October 9, 2025 10 min to read

The Infrastructure Configuration Nightmare: When Separation Creates Slowdown

Why centralized infrastructure repositories might be killing your deployment velocity

A simple feature story

It’s Monday morning, coffee is steaming. You’ve just finished implementing a great new feature that your users have been asking for. The code is clean, tested, and ready to ship. It shouldn’t take longer than 30 minutes to deploy to production, right?

Week later, you’re still trying to get it deployed.

Sound familiar?

Here’s what actually happened: Your feature needs a new Kafka topic. Simple enough, right? But in your organization, Kafka topics aren’t created by your service. They’re managed in a centralized kafka-infrastructure repository. So you:

Context switch to the kafka-infra repo
Find the YAML file for your environment
Add your topic configuration
Create a PR
Wait for the platform team to review it
Wait for the scheduled deployment window
Create a JIRA ticket for production deployment
Trigger the deployment
Finally return to your actual feature

Oh, and your feature also needs a new database table. Time to repeat this process in the database-migrations repository. And don’t forget the secrets in the secrets-management repository.

What if I told you there’s a better way that’s just as secure but dramatically faster?

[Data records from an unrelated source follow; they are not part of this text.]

(* Let $m\geq 15$ and $k\geq 1$ be integers and let $c(x)=1+\sum_{j\in\{1,2,3,7\}}(x^j+x^{m-j})\in\mathbb{F}_2[x]$. Then $\gcd(c(x^k),x^m-1)=1$ if and only if $\gcd(m,3k)=\gcd(m,5k)=\gcd(m,7k)=\gcd(m,k)$.
   Context: All polynomials are over $\mathbb{F}_2$. *)

From HB Require Import structures.
From mathcomp Require Import all_boot all_order all_algebra.
Set Implicit Arguments. Unset Strict Implicit. Unset Printing Implicit Defensive.
Import GRing.Theory.
Local Open Scope ring_scope.

Definition cpoly (m : nat) : {poly 'F_2} :=
  1 + \sum_(j <- [:: 1%N; 2%N; 3%N; 7%N]) ('X^j + 'X^(m - j)).

(* Write y = x^k and G_p(z) = 1 + z + ... + z^(p-1).  Since y^(m-j) = y^m y^(-j)
   and y^m = x^(mk) = 1 modulo x^m - 1, multiplying c(y) by y^7 gives, in
   characteristic 2,
       y^7 c(y) = (1 + y^4 + y^5 + y^6) (x^(mk) - 1) + G_3(y)^2 G_5(y) G_7(y).
   As y^7 is coprime to x^m - 1, c(y) is coprime to x^m - 1 iff each of
   G_3(y), G_5(y), G_7(y) is.  For an odd p (more generally, p nonzero in the
   base field), G_p(y) is coprime to x^m - 1 iff gcd(m, pk) = gcd(m, k): the
   polynomial (y - 1) G_p(y) = x^(pk) - 1 shares with x^m - 1 exactly the factor
   x^gcd(m,pk) - 1, while y - 1 and G_p(y) are coprime because
   G_p(y) = p modulo y - 1. *)

From HB Require Import structures.
From mathcomp Require Import all_boot all_order all_algebra.
From mathcomp Require Import ring.
Import GRing.Theory.
Local Open Scope ring_scope.

Definition geosum {R : pzRingType} (n : nat) (z : R) : R := \sum_(i < n) z ^+ i.

Lemma geosum_mod_sub1 (R : comPzRingType) (n : nat) (z : R) :
  geosum n z = (\sum_(i < n) geosum i z) * (z - 1) + n%:R.
Proof.
rewrite mulr_suml.
under eq_bigr => i _ do rewrite mulrC -subrX1.
by rewrite sumrB sumr_const card_ord subrK.
Qed.

Section Binomials.
Context {F : fieldType}.
Implicit Types (a b n : nat) (d : {poly F}).

Lemma dvdp_Xn_sub1 {a b} : (a %| b)%N -> ('X^a - 1 : {poly F}) %| 'X^b - 1.
Proof.
by case/dvdnP=> c ->; rewrite mulnC exprM [X in _ %| X]subrX1 dvdp_mulIl.
Qed.

(* A common divisor of x^a - 1 and x^b - 1 divides x^gcd(a,b) - 1
   (Bezout relation on the exponents). *)
Lemma dvdp_Xn_sub1_gcdn {d a b} : (0 < a)%N ->
  d %| 'X^a - 1 -> d %| 'X^b - 1 -> d %| 'X^(gcdn a b) - 1.
Proof.
move=> a_gt0 da db; have [u v def_g _] := egcdnP b a_gt0.
have -> : ('X^(gcdn a b) - 1 : {poly F}) =
    ('X^(u * a) - 1) - 'X^(gcdn a b) * ('X^(v * b) - 1).
  by rewrite def_g exprD; ring.
rewrite dvdp_sub ?dvdp_mull //.
- exact: dvdp_trans da (dvdp_Xn_sub1 (dvdn_mull _ (dvdnn _))).
- exact: dvdp_trans db (dvdp_Xn_sub1 (dvdn_mull _ (dvdnn _))).
Qed.

Lemma dvdp_Xn_sub1E a b : (0 < b)%N ->
  (('X^a - 1 : {poly F}) %| 'X^b - 1) = (a %| b)%N.
Proof.
move=> b_gt0; apply/idP/idP => [dab|]; last exact: dvdp_Xn_sub1.
have size_Xn_sub1 n : (0 < n)%N -> size ('X^n - 1 : {poly F}) = n.+1.
  by move=> n_gt0; rewrite -polyC1 size_XnsubC.
have [a0 | a_gt0] := posnP a.
  move: dab; rewrite a0 expr0 subrr dvd0p -size_poly_eq0 size_Xn_sub1 //.
have g_gt0 : (0 < gcdn b a)%N by rewrite gcdn_gt0 b_gt0.
have nz : ('X^(gcdn b a) - 1 : {poly F}) != 0.
  by rewrite -size_poly_eq0 size_Xn_sub1.
have := dvdp_leq nz (dvdp_Xn_sub1_gcdn b_gt0 dab (dvdpp _)).
rewrite !size_Xn_sub1 // ltnS => le_a_g.
have /eqP g_a : gcdn b a == a by rewrite eqn_leq le_a_g dvdn_leq ?dvdn_gcdr.
by rewrite -g_a dvdn_gcdl.
Qed.

Lemma coprimep_Xn_Xn_sub1 n {m} : (0 < m)%N -> coprimep ('X^n : {poly F}) ('X^m - 1).
Proof.
move=> m_gt0; apply: coprimep_expl; rewrite coprimep_sym coprimepX.
by rewrite rootE !hornerE expr0n eqn0Ngt m_gt0 /= sub0r oppr_eq0 oner_eq0.
Qed.

End Binomials.

Section GeometricCriterion.
Variable F : fieldType.
Variables (p : nat) (p_neq0 : (p%:R : F) != 0).

(* Since G_p(z) = p modulo z - 1, the factors z - 1 and G_p(z) are coprime. *)
Lemma coprimep_sub1_geosum (z : {poly F}) : coprimep (z - 1) (geosum p z).
Proof.
rewrite geosum_mod_sub1 coprimep_addl_mul -polyC_natr -alg_polyC.
by rewrite coprimepZr // coprimep1.
Qed.

Lemma coprimep_geosum_Xn_sub1 m k : (0 < m)%N -> (0 < k)%N ->
  coprimep (geosum p ('X^k : {poly F})) ('X^m - 1) <-> gcdn m (p * k) = gcdn m k.
Proof.
move=> m_gt0 k_gt0.
have pk_fact : ('X^k - 1) * geosum p ('X^k : {poly F}) = 'X^(p * k) - 1.
  by rewrite /geosum -subrX1 -exprM mulnC.
split=> [cop | eq_g].
- set g := gcdn m (p * k).
  have g_m : ('X^g - 1 : {poly F}) %| 'X^m - 1 by rewrite dvdp_Xn_sub1 ?dvdn_gcdl.
  have g_cop : coprimep ('X^g - 1) (geosum p ('X^k : {poly F})).
    by rewrite coprimep_sym (coprimep_dvdl g_m).
  have : ('X^g - 1 : {poly F}) %| 'X^k - 1.
    by rewrite -(Gauss_dvdpl _ g_cop) pk_fact dvdp_Xn_sub1 ?dvdn_gcdr.
  rewrite dvdp_Xn_sub1E // => g_k; apply/eqP; rewrite eqn_dvd.
  by rewrite dvdn_gcd dvdn_gcdl g_k dvdn_gcd dvdn_gcdl dvdn_mull ?dvdn_gcdr.
- apply/coprimepP => d d_geo d_m.
  have d_pk : d %| 'X^(p * k) - 1 by rewrite -pk_fact dvdp_mull.
  have := dvdp_Xn_sub1_gcdn m_gt0 d_m d_pk; rewrite eq_g => d_g.
  have d_k : d %| 'X^k - 1 by apply: dvdp_trans d_g (dvdp_Xn_sub1 (dvdn_gcdr _ _)).
  by move/coprimepP: (coprimep_sub1_geosum 'X^k); apply.
Qed.

End GeometricCriterion.

(* In characteristic 2: G_3(y)^2 G_5(y) G_7(y) = 1 + y^4 + ... + y^10 + y^14;
   over the integers the two sides differ by twice an explicit polynomial. *)
Lemma geosum_product_char2 (R : comPzRingType) (two0 : 2%:R = 0 :> R) (y : R) :
  geosum 3 y ^+ 2 * geosum 5 y * geosum 7 y =
  1 + y ^+ 4 + y ^+ 5 + y ^+ 6 + y ^+ 7 + y ^+ 8 + y ^+ 9 + y ^+ 10 + y ^+ 14.
Proof.
set rhs := (X in _ = X).
have -> : geosum 3 y ^+ 2 * geosum 5 y * geosum 7 y = rhs + 2%:R *
    (2%:R * y + 5%:R * y ^+ 2 + 9%:R * y ^+ 3 + 13%:R * y ^+ 4 + 17%:R * y ^+ 5
     + 20%:R * y ^+ 6 + 21%:R * y ^+ 7 + 20%:R * y ^+ 8 + 17%:R * y ^+ 9
     + 13%:R * y ^+ 10 + 9%:R * y ^+ 11 + 5%:R * y ^+ 12 + 2%:R * y ^+ 13).
  by rewrite /rhs /geosum !big_ord_recr big_ord0 /=; ring.
by rewrite two0 mul0r addr0.
Qed.

Notation P2 := {poly 'F_2}.

Lemma cpoly_comp_Xn_factor (m k : nat) : (7 <= m)%N ->
  let y : P2 := 'X^k in
  y ^+ 7 * (cpoly m \Po y) = (1 + y ^+ 4 + y ^+ 5 + y ^+ 6) * ('X^(m * k) - 1)
    + geosum 3 y ^+ 2 * geosum 5 y * geosum 7 y.
Proof.
move=> m_ge7 y.
have two0 : 2%:R = 0 :> P2.
  by rewrite -polyC_natr (eqP (isT : 2%:R == 0 :> 'F_2)) polyC0.
rewrite geosum_product_char2 //.
set u := y ^+ (m - 7).
have y_m (j : nat) : (j <= 7)%N -> y ^+ (m - j) = u * y ^+ (7 - j).
  by move=> le_j7; rewrite -exprD; congr (_ ^+ _); rewrite addnBA // subnK.
have u_y7 : u * y ^+ 7 = 'X^(m * k) by rewrite -exprD subnK // -exprM mulnC.
rewrite /cpoly !big_cons big_nil !comp_polyD !comp_Xn_poly comp_poly0.
rewrite -polyC1 comp_polyC polyC1 !y_m // -u_y7 !subnn !expr0.
ring.
Qed.

Lemma coprimep_cpoly_comp_Xn (m k : nat) : (7 <= m)%N ->
  coprimep (cpoly m \Po 'X^k) ('X^m - 1) =
  coprimep (geosum 3 ('X^k : P2) ^+ 2 * geosum 5 'X^k * geosum 7 'X^k) ('X^m - 1).
Proof.
move=> m_ge7; have m_gt0 : (0 < m)%N by apply: leq_trans m_ge7.
have [S def_S] : exists S, 'X^(m * k) - 1 = S * ('X^m - 1 : P2).
  by apply/dvdpP; rewrite dvdp_Xn_sub1 ?dvdn_mulr.
have y7_cop : coprimep ('X^(7 * k) : P2) ('X^m - 1) by apply: coprimep_Xn_Xn_sub1.
rewrite -[LHS]andTb -y7_cop -coprimepMl mulnC exprM.
rewrite cpoly_comp_Xn_factor // def_S mulrA.
by rewrite coprimep_sym coprimep_addl_mul coprimep_sym.
Qed.

Theorem proposition7 (m k : nat) (hm : (15 <= m)%N) (hk : (1 <= k)%N) :
  coprimep (cpoly m \Po 'X^k) ('X^m - 1) <->
  [/\ gcdn m (3 * k) = gcdn m k, gcdn m (5 * k) = gcdn m k
    & gcdn m (7 * k) = gcdn m k].
Proof.
have m_ge7 : (7 <= m)%N by apply: leq_trans hm.
have m_gt0 : (0 < m)%N by apply: leq_trans m_ge7.
have crit p : (p%:R : 'F_2) != 0 ->
    coprimep (geosum p ('X^k : P2)) ('X^m - 1) <-> gcdn m (p * k) = gcdn m k.
  by move=> p_neq0; apply: coprimep_geosum_Xn_sub1.
have c3 := crit 3%N isT; have c5 := crit 5%N isT; have c7 := crit 7%N isT.
rewrite coprimep_cpoly_comp_Xn // !coprimepMl andbb.
by split=> [/andP [/andP [/c3 ? /c5 ?] /c7 ?] | [/c3 -> /c5 -> /c7 ->]].
Qed.
(* Let $n\ge 1$, $c>0$, $m$, $\hbar\neq 0$ be constants and let $\omega^0,\omega^1\in(-\pi/2,\pi/2]$. Let $a_\ast$ be a nowhere vanishing, differentiable complex-valued function of $t\in\mathbb{R}$ such that $\theta:=\arg a_\ast(t)$ is a constant independent of $t$. Put $C_0:=2me^{i\omega^0}/\hbar$. Let $V_0$ and $V_0'$ be functions on $\mathbb{C}$ such that $$\partial_t V_0(\psi)=\mathrm{Re}\,\big(\partial_t\overline{\psi}\,V_0'(\psi)\big)$$ for every function $\psi=\psi(t,x)$. Assume $C_0\in\mathbb{R}$ and $e^{2i(\theta+\omega^1)}/e^{2i\omega^0}\in\mathbb{R}$. Let $\phi_\ast=\phi_\ast(t,x)$, $(t,x)\in\mathbb{R}\times\mathbb{R}^n$, be a complex-valued solution of $$-\frac{1}{c^2}\frac{e^{2i(\theta+\omega^1)}}{e^{2i\omega^0}}\left(\partial_t^2+\frac{n\,\partial_t a_\ast}{a_\ast}\partial_t+\Big(\frac{mc^2e^{i\omega^0}}{\hbar}\Big)^2\right)\phi_\ast+\frac{1}{|a_\ast|^2}\Delta_x\phi_\ast-V_0'(\phi_\ast)=0,$$ where $\Delta_x=\sum_{j=1}^n\partial^2/(\partial x^j)^2$, which is sufficiently smooth and decays at spatial infinity so that all integrals below are finite and integrals over $\mathbb{R}^n$ of spatial divergences vanish. Then for every $t$, $$\int_{\mathbb{R}^n}e^0(t,x)\,dx+\int_0^t\int_{\mathbb{R}^n}e^{n+1}(s,x)\,dx\,ds=\int_{\mathbb{R}^n}e^0(0,x)\,dx,$$ where $$e^0:=\frac{e^{2i(\theta+\omega^1)}}{c^2e^{2i\omega^0}}\left(|\partial_t\phi_\ast|^2+\frac{C_0^2c^4}{4}|\phi_\ast|^2\right)+\frac{1}{|a_\ast|^2}\sum_{j=1}^n|\partial_{x^j}\phi_\ast|^2+2V_0(\phi_\ast)$$ and $$e^{n+1}:=\frac{e^{2i(\theta+\omega^1)}}{c^2e^{2i\omega^0}}\,2\,\mathrm{Re}\Big(\frac{n\,\partial_t a_\ast}{a_\ast}\Big)|\partial_t\phi_\ast|^2-\partial_t\Big(\frac{1}{|a_\ast|^2}\Big)\sum_{j=1}^n|\partial_{x^j}\phi_\ast|^2.$$
   Context: Here $a_\ast$ plays the role of a (complex) scale-function of space; $t$ is a real time variable and $x=(x^1,\dots,x^n)\in\mathbb{R}^n$. *)

From HB Require Import structures.
From mathcomp Require Import all_boot all_order all_algebra.
From mathcomp Require Import all_classical all_reals all_analysis.
From mathcomp Require Import complex.

Set Implicit Arguments.
Unset Strict Implicit.
Unset Printing Implicit Defensive.

Import Order.TTheory GRing.Theory Num.Theory.
Import numFieldNormedType.Exports.
Local Open Scope classical_set_scope.
Local Open Scope ring_scope.
Local Open Scope complex_scope.

Section Defs.
Variable R : realType.

Definition creal (z : R[i]) : R := complex.Re z.
Definition cimag (z : R[i]) : R := complex.Im z.

Definition expi (w : R) : R[i] := cos w +i* sin w.

Definition abs2 (z : R[i]) : R := (creal z) ^+ 2 + (cimag z) ^+ 2.

Definition cderivable (f : R -> R[i]) (t : R) : Prop :=
  derivable (fun s => creal (f s)) t 1 /\ derivable (fun s => cimag (f s)) t 1.

Definition cderive (f : R -> R[i]) (t : R) : R[i] :=
  derive1 (fun s => creal (f s)) t +i* derive1 (fun s => cimag (f s)) t.
(* Let $A\to M$, $B\to M$ be Lie algebroids, $(\nabla^{AB},\nabla^{AC},R_A)$ a 2-representation of $A$ on $\partial_B\colon C\to B$ and $(\nabla^{BA},\nabla^{BC},R_B)$ a 2-representation of $B$ on $\partial_A\colon C\to A$ forming a matched pair. Then $C$ is a Lie algebroid with anchor $\rho_C:=\rho_A\circ\partial_A=\rho_B\circ\partial_B$ and bracket $[c_1,c_2]=\nabla_{\partial_Ac_1}c_2-\nabla_{\partial_Bc_2}c_1$, and $\partial_A\colon C\to A$ and $\partial_B\colon C\to B$ are Lie algebroid morphisms.
   Context: A 2-representation of a Lie algebroid $A$ on a complex $\partial_B\colon C\to B$ is a triple $(\nabla^{AB},\nabla^{AC},R_A)$: $A$-connections on $B$ and $C$ with $\partial_B\circ\nabla^{AC}=\nabla^{AB}\circ\partial_B$, and $R_A\in\Omega^2(A,\mathrm{Hom}(B,C))$ with $R_{\nabla^{AC}}=R_A\circ\partial_B$, $R_{\nabla^{AB}}=\partial_B\circ R_A$, $\mathrm d_{\nabla^{\mathrm{Hom}}}R_A=0$. Similarly for $B$ on $\partial_A\colon C\to A$ with $R_B\in\Omega^2(B,\mathrm{Hom}(A,C))$. Writing $\nabla$ for all four connections, they form a matched pair if for all $a,a_i\in\Gamma(A)$, $b,b_i\in\Gamma(B)$, $c,c_i\in\Gamma(C)$: (M1) $\rho_A\partial_A=\rho_B\partial_B$; (M2) $\nabla_{\partial_Ac_1}c_2-\nabla_{\partial_Bc_2}c_1=-\nabla_{\partial_Ac_2}c_1+\nabla_{\partial_Bc_1}c_2$; (M3) $[a,\partial_Ac]=\partial_A(\nabla_ac)-\nabla_{\partial_Bc}a$; (M4) $[b,\partial_Bc]=\partial_B(\nabla_bc)-\nabla_{\partial_Ac}b$; (M5) $[\rho_A(a),\rho_B(b)]=\rho_B(\nabla_ab)-\rho_A(\nabla_ba)$; (M6) $\nabla_b\nabla_ac-\nabla_a\nabla_bc-\nabla_{\nabla_ba}c+\nabla_{\nabla_ab}c=R_B(b,\partial_Bc)a-R_A(a,\partial_Ac)b$; (M7) $\partial_A(R_A(a_1,a_2)b)=-\nabla_b[a_1,a_2]+[\nabla_ba_1,a_2]+[a_1,\nabla_ba_2]+\nabla_{\nabla_{a_2}b}a_1-\nabla_{\nabla_{a_1}b}a_2$; (M8) $\partial_B(R_B(b_1,b_2)a)=-\nabla_a[b_1,b_2]+[\nabla_ab_1,b_2]+[b_1,\nabla_ab_2]+\nabla_{\nabla_{b_2}a}b_1-\nabla_{\nabla_{b_1}a}b_2$; (M9) $\mathrm d_{\nabla^A}R_B=\mathrm d_{\nabla^B}R_A$, where $R_B$ is viewed in $\Omega^1(A,\wedge^2B^*\otimes C)$ via $a\mapsto((b_1,b_2)\mapsto R_B(b_1,b_2)a)$, $R_A$ in $\Omega^1(B,\wedge^2A^*\otimes C)$ likewise, $\nabla^A,\nabla^B$ the induced connections on $\wedge^2B^*\otimes C$, $\wedge^2A^*\otimes C$, and $\Omega^2(A,\wedge^2B^*\otimes C)\cong\Omega^2(B,\wedge^2A^*\otimes C)$ via $\omega(a_1,a_2)(b_1,b_2)=\omega'(b_1,b_2)(a_1,a_2)$. *)

(* Lie algebroids over a base M are modelled algebraically
   (Lie--Rinehart style): R plays the role of C^oo(M) (a commutative algebra
   over a characteristic-0 field k, standing for the reals), and the
   R-modules A, B, C play the role of the spaces of sections Γ(A), Γ(B), Γ(C).
   Vector fields are k-linear derivations of R. *)
From HB Require Import structures.
From mathcomp Require Import all_boot all_order all_algebra.
Set Implicit Arguments. Unset Strict Implicit. Unset Printing Implicit Defensive.
Import GRing.Theory Num.Theory.
Local Open Scope ring_scope.
Lemma mem_arr_ins_lift x s : (lift j s \in val (arr_ins x)) = (s \in val x).
Proof.
apply/tnthP/tnthP => [[q]|[p ->]]; last first.
  by exists (lift i p); rewrite tnth_ins_tuple_lift.
case: (unliftP i q) => [p|] ->; rewrite ?tnth_ins_tuple_lift ?tnth_ins_tuple.
  by move/lift_inj ->; exists p.
by move=> E; have := neq_lift j s; rewrite E eqxx.
Qed.

Lemma arr_sub1E : 0 < n -> arr_sub i [set j] = arr_ins @: setT.
Proof.
move=> n_gt0; apply/setP => w; rewrite !inE.
apply/eqP/imsetP => [wi|[x _ ->]]; last exact: tnth_ins_tuple.
have w_lift p : tnth (val w) (lift i p) != j.
  by rewrite -wi (inj_eq (tuple_uniqP _ (valP w))) eq_sym neq_lift.
pose t := [tuple odflt (Ordinal n_gt0) (unlift j (tnth (val w) (lift i p))) | p < k].
have t_lift p : lift j (tnth t p) = tnth (val w) (lift i p).
  rewrite tnth_mktuple; case: (unliftP j _) => [y ->|E] //.
  by move: (w_lift p); rewrite E eqxx.
have t_uniq : uniq t.
  apply/tuple_uniqP => p1 p2 /(congr1 (lift j)); rewrite !t_lift.
  by move/(tuple_uniqP _ (valP w))/lift_inj.
exists (exist _ t t_uniq) => //; apply/val_inj/eq_from_tnth => q /=.
by case: (unliftP i q) => [p|] ->; rewrite ?tnth_ins_tuple_lift ?tnth_ins_tuple.
Qed.

End Insertion.

Section ArrangementSubgraphs.
Variables (n k : nat) (i : 'I_k).

Lemma arr_subU (I J : {set 'I_n}) : arr_sub i (I :|: J) = arr_sub i I :|: arr_sub i J.
Proof. by apply/setP => w; rewrite !inE. Qed.

Lemma arr_sub_disjoint (I J : {set 'I_n}) :
  [disjoint I & J] -> [disjoint arr_sub i I & arr_sub i J].
Proof.
rewrite -!setI_eq0 => /eqP IJ; apply/eqP/setP => w.
by rewrite !inE -in_setI IJ inE.
Qed.

Lemma big_arr_sub1 (s : seq 'I_n) :
  \bigcup_(j <- s) arr_sub i [set j] = arr_sub i [set j in s].
Proof.
elim: s => [|j s IH]; first by rewrite big_nil; apply/setP => w; rewrite !inE.
by rewrite big_cons IH; apply/setP => w; rewrite !inE.
Qed.

End ArrangementSubgraphs.

Definition avoid_edge n k (b : 'I_n) : rel (arr_vertex n k) :=
  [rel x y | (b \notin val x) && (b \notin val y)].

Definition arr_ham_avoid n k : Prop :=
  forall b : 'I_n, ham_connected_through (@arr_adj n k) setT (avoid_edge b).

Lemma arr_ham_avoid1 n : 3 < n -> arr_ham_avoid n 1.
Proof.
move=> n_gt3 b.
apply: (complete_ham_through _ (P := fun x : arr_vertex n 1 => b \notin val x)).
- move=> x y /arr_vertex_neqP [p xy].
  rewrite /arr_adj (_ : [set _ | _] = [set p]) ?cards1 //.
  by apply/setP => q; rewrite !inE (ord1 q) (ord1 p) in xy *; rewrite xy eqxx.
- move=> x y; rewrite !negbK => /tnthP [p xp] /tnthP [q yq].
  apply/val_inj/eq_from_tnth => r.
  by rewrite (ord1 r) -(ord1 p) -xp (ord1 p) -(ord1 q) -yq.
- rewrite -cardsT (eq_card (B := [set x : arr_vertex n 1 | all predT (val x)])).
    by rewrite card_arr_over ffactn1 cardT size_enum_ord.
  by move=> x; rewrite !inE all_predT.
Qed.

The Current State: A Maze of Repositories

In large organizations, infrastructure is typically managed by different specialized teams. Naturally each team wants to control changes being made in their part of the system world. What it results in are separated repositories for configuration:

☁️ terraform-infrastructure - Cloud resource definitions
🗄️ ansible-configurations - Server configurations
✉️ kafka-infrastructure - Kafka topics and ACLs
💾 database-migrations - Database schemas
🤫 secrets-management - Application secrets

Each repository may have its own:

Repository system (bitbucket, github, …)
Review process
Approval workflow
Deployment pipeline (Jenkins, Octopus Deploy, GitHub Actions, …)
Deployment schedule
Production gates (CAB approvals, JIRA tickets)

The idea is that this separation provides:

Security through approval gates and controlled review process
Control through centralized management
Consistency through standardization

But in practice, it creates something else entirely: a bottleneck that slows everyone down.

Multi-Repository Fragmentation

When you need to deploy a feature that touches multiple infrastructure components, you’re faced with a coordination nightmare.

Context Switching Overhead

Jumping between multiple configuration repositories
Different code review tools and processes
Different teams reviewing each PR
Tracking the status of multiple PRs in parallel

The Deployment Coordination Nightmare

This is where things get truly painful. Each centralized repository doesn’t just have a different codebase - it has a completely different deployment mechanism:

Kafka might be deployed through Octopus Runbook (Each 2h)
Database schemas deployed on-demand through custom script
Secrets - Jenkins pipeline
Terraform - Github Actions

As a developer, you need to maintain a mental model of:

Which repository handles what
Which deployment tool deploys each repository
What the deployment schedule is
Who approves what and how to reach them
How to verify each deployment succeeded

This knowledge is typically scattered across:

Outdated Confluence pages
Slack channel pinned messages
Tribal knowledge of senior engineers

What was estimated as a 30-minute deployment becomes a two-week battle.

Cross-Repository Dependencies

Some infrastructure repositories may have dependencies on each other, creating a complex chain of prerequisites that must be satisfied in a specific order:

Some infrastructure components need to be created before others (e.g., cloud resources before application secrets)
Secrets might need to wait for some resources to be created first
etc.

Then you can’t just create all these PRs in parallel and hope for the best. There’s a strict ordering for each scenario.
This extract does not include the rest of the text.